Apple Fights Big Tech Regulation Over App Payments

Apple leaders are worried that an antitrust bill focused on opening the app store market will make iPhones less secure, despite assurances from Congress, according to a Bloomberg report Thursday (June 23).

Congress and some large firms already use Apple-approved tools that let them bypass the App Store and install third-party apps in a practice called side-loading, the report said. Apple maintains that it’s the only company that can promise a fully secure App Store to its customers.

Congress is set to vote next month on antitrust measures, a move Apple continues to fight, maintaining that “outside apps would leave iPhone users vulnerable to malware and scams,” the report said. Antitrust advocates and cybersecurity specialists, though, say Apple is looking to protect its business model more than its customers.

“Security is a giant red herring,” said Bruce Schneier, a fellow at the Berkman Klein Center for Internet & Society at Harvard University, in the report. “It will scare a lot of people. The goal is to protect the monopoly.”

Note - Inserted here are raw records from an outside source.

Lemma id_code_exists (R : realType) q L n t r :
  (0 < t)%N -> (0 < r)%N -> (q * L <= n)%N -> (t * r * 2 ^ (2 * t) <= L ^ q)%N ->
  exists c : id_code R q.+1 n,
    [/\ forall i, is_distr (id_enc c i), (2 ^ (t * r) <= id_size c)%N,
        lambda1 (id_enc c) (id_dec c) = 0 & lambda2 (id_enc c) (id_dec c) <= t%:R^-1].
Proof.
move=> t_gt0 r_gt0 le_qL_n le_size.
set m := (t * r)%N; set b := (2 ^ (2 * t))%N.
have [e e_inj] : {e : 'I_m * 'I_b -> {ffun 'I_q -> 'I_L} | injective e}.
  by apply: injection_of_leq_card; rewrite card_prod card_ffun !card_ord.
pose w u := block_word n (e u).
have w_inj : injective (fun u => counts (w u)).
  by move=> u v /(block_word_counts_inj le_qL_n) /e_inj.
have b_gt0 : (0 < #|'I_b|)%N by rewrite card_ord expn_gt0.
have le_r_m : (r <= #|'I_m|)%N by rewrite card_ord leq_pmull.
have [C ltC le_C] := gilbert_varshamov b_gt0 le_r_m.
pose enc (i : 'I_#|C|) := id_encoder R w (enum_val i).
exists (IdCode enc (fun i => id_decoder w (enum_val i))); split => /=.
- by move=> i; apply: uniform_on_distr; rewrite muln_gt0 t_gt0.
- (* As [m = t r], the bound [b ^ m <= #|C| 2 ^ m b ^ (m - r)] reads [2 ^ m <= #|C|]. *)
  have pow2_b k : (b ^ k = 2 ^ (2 * t * k))%N by rewrite -expnM.
  move: le_C; rewrite !card_ord !pow2_b -!expnD.
  have -> : (2 * t * m = m + (m + 2 * t * (m - r)))%N by rewrite /m; nia.
  by rewrite !expnD leq_pmul2r ?muln_gt0 ?expn_gt0.
- by apply: lambda1_eq0 => i; apply: err_miss_id_code.
- apply: lambda2_le => [|i j ji]; first by rewrite invr_ge0 ler0n.
  have neq_ij : enum_val i != enum_val j by apply: contra ji => /eqP/enum_val_inj->.
  have lt_r := agree_ltP ltC (enum_valP i) (enum_valP j) neq_ij.
  rewrite err_to_id_code //; apply: (@le_trans _ _ (m%:R^-1 * r%:R)).
    by rewrite ler_wpM2l ?invr_ge0 ?ler0n // ler_nat ltnW.
  by rewrite /m natrM invfM mulfVK // pnatr_eq0 -lt0n.
Qed.

Local Open Scope classical_set_scope.

Lemma rate_budget (R : realFieldType) (w c e X L b : R) :
  0 < w -> 0 <= c -> 0 <= e -> e * (2 * w * c + 1) < 1 ->
  2 * w * c <= X -> X <= w * L -> b <= e * X + 1 -> c * b <= L.
Proof.
move=> w_gt0 c_ge0 e_ge0 small le_X le_L le_b.
have wc_ge0 : 0 <= w * c by nra.
have wce_X : 2 * (w * c * e) * X <= X by nra.
have wcb_le : w * c * b <= w * c * (e * X + 1) by nra.
rewrite -(ler_pM2l w_gt0); nra.
Qed.

Section Asymptotics.
Variables (R : realType) (d : nat) (eps : nat -> R).
Hypotheses (d_gt0 : (0 < d)%N) (eps_gt0 : forall n, (0 < n)%N -> 0 < eps n).
Hypothesis eps_cvg0 : eps @ \oo --> 0.

Definition bits n : nat := (Num.truncn (eps n * n%:R ^+ d)).+1.

Lemma bits_gt n : eps n * n%:R ^+ d < (bits n)%:R.
Proof. exact: truncnS_gt. Qed.

Lemma bits_le n : (0 < n)%N -> (bits n)%:R <= eps n * n%:R ^+ d + 1.
Proof.
move=> n_gt0; rewrite /bits -addn1 natrD lerD2r truncn_le.
by rewrite mulr_ge0 ?exprn_ge0 ?ler0n ?ltW ?eps_gt0.
Qed.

Apple requires all iPhone mobile app downloads take place within its App Store, where it takes up to a 30% commission on digital sales. App Store developers must submit apps for review by Apple’s team, who ensure compliance with the company’s rules on privacy and security. Developers are barred from offering sexually explicit content, all-in-one cloud gaming services and cryptocurrency mining, among other things.

Last week, JPMorgan analysts said Apple’s music and gaming revenue could reach $8.2 billion by 2025, a 36% increase that would come from a subscriber base of about 180 million people — 70 million in gaming and 110 million in music.

Most of that revenue would come from Apple Music, taking in about $7 billion. The remaining $1.2 billion would come from Apple Arcade, the gaming subscription service launched three years ago.

While Apple does not give a sales breakup for gaming and music services, its overall segment, which includes App Store, Apple TV+, Arcade and Apple Music, reported $19.82 billion in revenue for the March quarter, Reuters said.